On the success path (res.ok === true), postgrest-js calls JSON.parse(body) with no error handling. A 2xx status does not guarantee a JSON body:

  • A proxy / gateway / CDN in front of PostgREST (Cloudflare, nginx, a corporate proxy, a service worker, etc.) can return a non-JSON body — e.g. an HTML error page or a plaintext upstream connect error — with a success status.
  • A connection dropped mid-stream yields a truncated body (Unexpected end of JSON input) even from a perfectly well-behaved server.

When that happens today the raw SyntaxError escapes processResponse, and the result depends on how the query was awaited:

  1. With .throwOnError() → the promise rejects with a SyntaxError, not a PostgrestError. This breaks the documented contract — catch blocks that read error.code / error.hint / error.details receive an unexpected shape.
  2. Without it → the error is caught by the network-error handler and returned as { status: 0, error: { message: "SyntaxError: Unexpected token ..." } }. status: 0 signals a client-side network failure, which is misleading: the request actually reached the server and returned a real HTTP status.

The non-2xx branch already tolerates non-JSON bodies (it falls back to error = { message: body }). This PR makes the success path symmetric with it.

Change

Wrap the success-path JSON.parse in a try/catch. On parse failure:

  • return a structured error (message, details with a truncated body snippet, an actionable hint, empty code — matching the existing client-side error shape),
  • preserve the real HTTP status / statusText instead of reporting status: 0,
  • throw a PostgrestError when .throwOnError() is set.
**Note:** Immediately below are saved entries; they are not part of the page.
Lemma is_derive_from_const (a c x : R) : is_derive_from a (fun _ => c) x 0.
Proof. exists (fun _ => 0). split; [intros; ring | apply filterlim_const]. Qed.

Lemma is_derive_from_id (a x : R) : is_derive_from a (fun t => t) x 1.
Proof. exists (fun _ => 1). split; [intros; ring | apply filterlim_const]. Qed.

Lemma is_derive_from_plus (a : R) (f g : R -> R) (x df dg : R) :
  is_derive_from a f x df -> is_derive_from a g x dg ->
  is_derive_from a (fun t => f t + g t) x (df + dg).
Proof.
  intros [p [Hp p_lim]] [q [Hq q_lim]]. exists (fun t => p t + q t). split.
  - intros t Ht. rewrite Rmult_plus_distr_r, <- Hp, <- Hq by exact Ht. ring.
  - apply filterlim_plus_fun; auto.
Qed.

Lemma is_derive_from_opp (a : R) (f : R -> R) (x df : R) :
  is_derive_from a f x df -> is_derive_from a (fun t => - f t) x (- df).
Proof.
  intros [p [Hp p_lim]]. exists (fun t => -1 * p t). split.
  - intros t Ht. rewrite Rmult_assoc, <- Hp by exact Ht. ring.
  - replace (- df) with (-1 * df) by ring. apply filterlim_mult_fun; auto using filterlim_const.
Qed.

Lemma is_derive_from_minus (a : R) (f g : R -> R) (x df dg : R) :
  is_derive_from a f x df -> is_derive_from a g x dg ->
  is_derive_from a (fun t => f t - g t) x (df - dg).
Proof.
  intros Hf Hg. exact (is_derive_from_plus _ _ _ _ _ _ Hf (is_derive_from_opp _ _ _ _ Hg)).
Qed.

Lemma is_derive_from_mult (a : R) (f g : R -> R) (x df dg : R) :
  is_derive_from a f x df -> is_derive_from a g x dg ->
  is_derive_from a (fun t => f t * g t) x (df * g x + f x * dg).
Proof.
  intros Hf Hg. assert (g_cont := is_derive_from_continuous _ _ _ _ Hg).
  destruct Hf as [p [Hp p_lim]], Hg as [q [Hq q_lim]].
  exists (fun t => p t * g t + f x * q t). split.
  - intros t Ht.
    replace ((p t * g t + f x * q t) * (t - x))
      with (p t * (t - x) * g t + f x * (q t * (t - x))) by ring.
    rewrite <- Hp, <- Hq by exact Ht. ring.
  - apply filterlim_plus_fun; auto; apply filterlim_mult_fun; auto using filterlim_const.
Qed.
Valid-JSON responses are completely unaffected — this is purely defensive.

Type of Change

  • Bug fix (fix)

Testing

  • Unit tests added (packages/core/postgrest-js/test/fetch-errors.test.ts, mocked fetch — no Docker): HTML body on 200, truncated JSON, real-status preservation, oversized-body truncation in details, and the throwOnError → PostgrestError contract.
  • nx type-check / nx type-check:test pass.
  • nx format:check passes; mock-based suites (fetch-errors, retry, timeout-and-url-length) pass.

Checklist

  • Code formatted (nx format)
  • Used conventional commits (fix(postgrest): ...)

Related context: supabase/postgrest-js#646 and supabase/postgrest-js#282 (the "Unexpected token < in JSON" class of reports). This PR intentionally scopes to client-side robustness/contract-correctness rather than expecting upstream proxies to always emit JSON.

🤖 Generated with Claude Code

…sful responses

A 2xx response is not a guarantee of a valid JSON body. A proxy, gateway,
or CDN in front of PostgREST can return a non-JSON body (e.g. an HTML error
page) with a success status, and a dropped connection can yield a truncated
body. Previously `JSON.parse` ran unguarded on the success path, so a raw
`SyntaxError` would either reject `.throwOnError()` (breaking its documented
`PostgrestError` contract) or be swallowed by the network-error handler and
reported as a misleading `status: 0` failure even though the request reached
the server.

Wrap the success-path parse in a try/catch that mirrors the existing non-2xx
branch: surface a structured error, preserve the real HTTP status, and throw
a `PostgrestError` when `throwOnError()` is set.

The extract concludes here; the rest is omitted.